Louise Hale, 44, (not her real name) a married mother and freelance documentary maker from London, sobbed as she described how she has fought to conceal her chronic UTI, which first emerged in 2016 when her daughter (now four) was only a few months old.

‘It is the darkest pit I have ever been in,’ she says. ‘It has stopped me having another child and almost destroyed my marriage. I am frequently out on location and you can’t do that if you need to find a loo every 20 minutes.

‘I have spent more than £5,000 on different private treatments and investigations, none of which worked.

‘I have had to take more than a year off work, which has been very difficult financially.
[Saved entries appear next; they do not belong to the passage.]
(* Let $n\ge2$ and consider $\mathbb R^n\times\bigwedge^2(\mathbb R^n)$ with an adequate scalar product and induced norm $\lVert\cdot\rVert_{\mathrm{eu}}$. There exists a constant $K_1$ such that for every $(n-1)$-tuple $(x_1,\dots,x_{n-1})$ of points of $\mathbb R^n$, every $Y\in\bigwedge^2(\mathbb R^n)$ and every $\varepsilon>0$ with $\mathrm{MinHeight}(x_1,\dots,x_{n-1})\ge\varepsilon$, there exist $v_1,\dots,v_{n-1}\in\mathbb R^n$ such that $$Y=\sum_{j=1}^{n-1}x_j\wedge v_j\quad\text{and}\quad \lVert v_j\rVert_{\mathrm{eu}}\le K_1\frac{\lVert Y\rVert_{\mathrm{eu}}}{\varepsilon}\ \text{for every } j\in\{1,\dots,n-1\}.$$
   Context: $v\wedge w:=v\otimes w-w\otimes v$, and $\bigwedge^2(\mathbb R^n)$ is the span of such tensors. A scalar product on $\mathbb R^n\times\bigwedge^2(\mathbb R^n)$ is adequate if $\mathbb R^n\perp\bigwedge^2(\mathbb R^n)$ and $\langle v_1\wedge w_1,v_2\wedge w_2\rangle=\langle v_1,v_2\rangle\langle w_1,w_2\rangle-\langle v_1,w_2\rangle\langle w_1,v_2\rangle$. $\mathrm{MinHeight}(a_1,\dots,a_m):=\min_j d_{\mathrm{eu}}(a_j,\mathrm{span}(a_1,\dots,\widehat a_j,\dots,a_m))$, where $\widehat a_j$ means $a_j$ is omitted and $d_{\mathrm{eu}}$ is the distance from $\lVert\cdot\rVert_{\mathrm{eu}}$ on $\mathbb R^n$. *)

From HB Require Import structures.
From mathcomp Require Import all_boot all_order all_algebra.
From mathcomp Require Import boolp classical_sets reals.
Set Implicit Arguments. Unset Strict Implicit. Unset Printing Implicit Defensive.
Import Order.TTheory GRing.Theory Num.Theory.
Local Open Scope ring_scope.
Local Open Scope classical_set_scope.

(* Vectors of R^n are row vectors; R^n (x) R^n is identified with n x n
   matrices via  v (x) w  |->  v^T w  (entry (i,j) = v_i w_j). *)
Definition wedge (R : realType) (n : nat) (v w : 'rV[R]_n) : 'M[R]_n :=
  v^T *m w - w^T *m v.

Definition Lambda2 (R : realType) (n : nat) (Y : 'M[R]_n) : Prop :=
  exists (m : nat) (a b : 'I_m -> 'rV[R]_n), Y = \sum_(i < m) wedge (a i) (b i).

(* Elements of R^n x Lambda^2(R^n) are pairs (x, Y) with Lambda2 Y. *)
Definition inV (R : realType) (n : nat) (u : 'rV[R]_n * 'M[R]_n) : Prop :=
  Lambda2 u.2.

Definition padd (R : realType) (n : nat) (u v : 'rV[R]_n * 'M[R]_n) :=
  (u.1 + v.1, u.2 + v.2).
Definition pscale (R : realType) (n : nat) (a : R) (u : 'rV[R]_n * 'M[R]_n) :=
  (a *: u.1, a *: u.2).

Definition adequate (R : realType) (n : nat)
    (sp : 'rV[R]_n * 'M[R]_n -> 'rV[R]_n * 'M[R]_n -> R) : Prop :=
  [/\ (forall u v, inV u -> inV v -> sp u v = sp v u),
      (forall a u v w, inV u -> inV v -> inV w ->
          sp (padd (pscale a u) v) w = a * sp u w + sp v w),
      (forall u, inV u -> u != (0, 0) -> 0 < sp u u),
      (forall x Y, Lambda2 Y -> sp (x, 0) (0, Y) = 0) &
      (forall v1 w1 v2 w2 : 'rV[R]_n,
          sp (0, wedge v1 w1) (0, wedge v2 w2) =
          sp (v1, 0) (v2, 0) * sp (w1, 0) (w2, 0)
          - sp (v1, 0) (w2, 0) * sp (w1, 0) (v2, 0))].

Definition normeu (R : realType) (n : nat)
    (sp : 'rV[R]_n * 'M[R]_n -> 'rV[R]_n * 'M[R]_n -> R)
    (u : 'rV[R]_n * 'M[R]_n) : R := Num.sqrt (sp u u).

Definition dist_eu (R : realType) (n : nat)
    (sp : 'rV[R]_n * 'M[R]_n -> 'rV[R]_n * 'M[R]_n -> R)
    (a : 'rV[R]_n) (S : set 'rV[R]_n) : R :=
  inf [set normeu sp (a - s, 0) | s in S].

Definition span_omit (R : realType) (n m : nat) (a : 'I_m -> 'rV[R]_n) (j : 'I_m)
  : set 'rV[R]_n :=
  [set s | exists c : 'I_m -> R, s = \sum_(i < m | i != j) c i *: a i].

(* MinHeight(a_1,...,a_m) = min_j d_eu(a_j, span of the others);
   the min over the finite index set is written as an inf. *)
Definition MinHeight (R : realType) (n m : nat)
    (sp : 'rV[R]_n * 'M[R]_n -> 'rV[R]_n * 'M[R]_n -> R)
    (a : 'I_m -> 'rV[R]_n) : R :=
  inf [set dist_eu sp (a j) (span_omit a j) | j in [set: 'I_m]].

(* Since every height is at least eps > 0, the x_j are linearly independent, so their Gram
   matrix is invertible; it yields the dual family y_j in span(x) (<y_j, x_i> = delta_ij) and
   the orthogonal projection P z = sum_j <z, y_j> x_j onto span(x). For a /\ b put
   u_j = i_{y_j}(a /\ b) = <a, y_j> b - <b, y_j> a. Then
   sum_j x_j /\ (u_j - P u_j / 2) = a /\ b - (a - Pa) /\ (b - Pb), and the last wedge vanishes
   because span(x) has codimension at most one; summing over a representation of Y gives the
   v_j. The bound holds with K1 = 1: |v_j| <= |u_j| <= |y_j| |Y| by Cauchy-Schwarz in
   Lambda^2 against y_j /\ u_j, and writing y_j = c (x_j - s) with s in the span of the other
   x_i, |y_j|^2 = c <y_j, x_j - s> = c while |y_j|^2 = c^2 |x_j - s|^2 >= c^2 eps^2, so
   |y_j| <= 1 / eps. *)

From HB Require Import structures.
From mathcomp Require Import all_boot all_order all_algebra.
From mathcomp Require Import boolp classical_sets reals.
From mathcomp Require Import ring lra.
Import Order.TTheory GRing.Theory Num.Theory.
Set Implicit Arguments. Unset Strict Implicit. Unset Printing Implicit Defensive.
Local Open Scope ring_scope.

Section Wedge.
Variables (R : realType) (n : nat).
Implicit Types (u w : 'rV[R]_n) (Y Z : 'M[R]_n).

Lemma wedgeE u w i j : wedge u w i j = u 0 i * w 0 j - w 0 i * u 0 j.
Proof. by rewrite !mxE !big_ord1 !mxE. Qed.

Lemma wedgeZl a u w : wedge (a *: u) w = a *: wedge u w.
Proof. by apply/matrixP => i j; rewrite !(wedgeE, mxE); ring. Qed.

Lemma wedgeDl u v w : wedge (u + v) w = wedge u w + wedge v w.
Proof. by apply/matrixP => i j; rewrite !(wedgeE, mxE); ring. Qed.

Lemma wedgeDr u v w : wedge w (u + v) = wedge w u + wedge w v.
Proof. by apply/matrixP => i j; rewrite !(wedgeE, mxE); ring. Qed.

Lemma wedge0l w : wedge 0 w = 0.
Proof. by apply/matrixP => i j; rewrite !(wedgeE, mxE); ring. Qed.

Lemma wedge0r w : wedge w 0 = 0.
Proof. by apply/matrixP => i j; rewrite !(wedgeE, mxE); ring. Qed.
I am now at last getting better, but it has been hell.’

Problems begin when an infection recurs but does not register on the very basic ‘dipstick’ test used by GPs to detect bacteria in urine samples. 

Most GPs use dipsticks carrying reactive agents on a strip of paper, which change colour if there are compounds linked to bacterial activity in the sample.

Doctors can either prescribe antibiotics or send off the urine sample for further testing.

James Malone-Lee, an emeritus professor of medicine at University College London and a leading expert on the condition, says many bacterial infections in urine disappear before a sample gets to a laboratory.

‘Looking at the sample straightaway down a microscope is the simplest and best way to diagnose infection,’ he says.

‘Often the samples have been left out at room temperature and have gone off before they are tested, or they might take two or three days to get to the lab so they’re pretty useless anyway.

‘People with chronic or repeated infection are not being diagnosed or given the much longer-term antibiotics they need.’

The push is on to find better tests. One being developed by the University of Bath uses a smartphone camera to diagnose infections. Experts, however, say much still needs to be done.

Ased Ali, a consultant urologist at Mid Yorkshire Hospitals NHS Trust in Wakefield and a medical consultant to charity Bladder Health UK, says: ‘I am seeing more than double the number of patients with UTIs than I saw a decade ago. We need new ways of managing the problem and new guidance for GPs on how to do that.’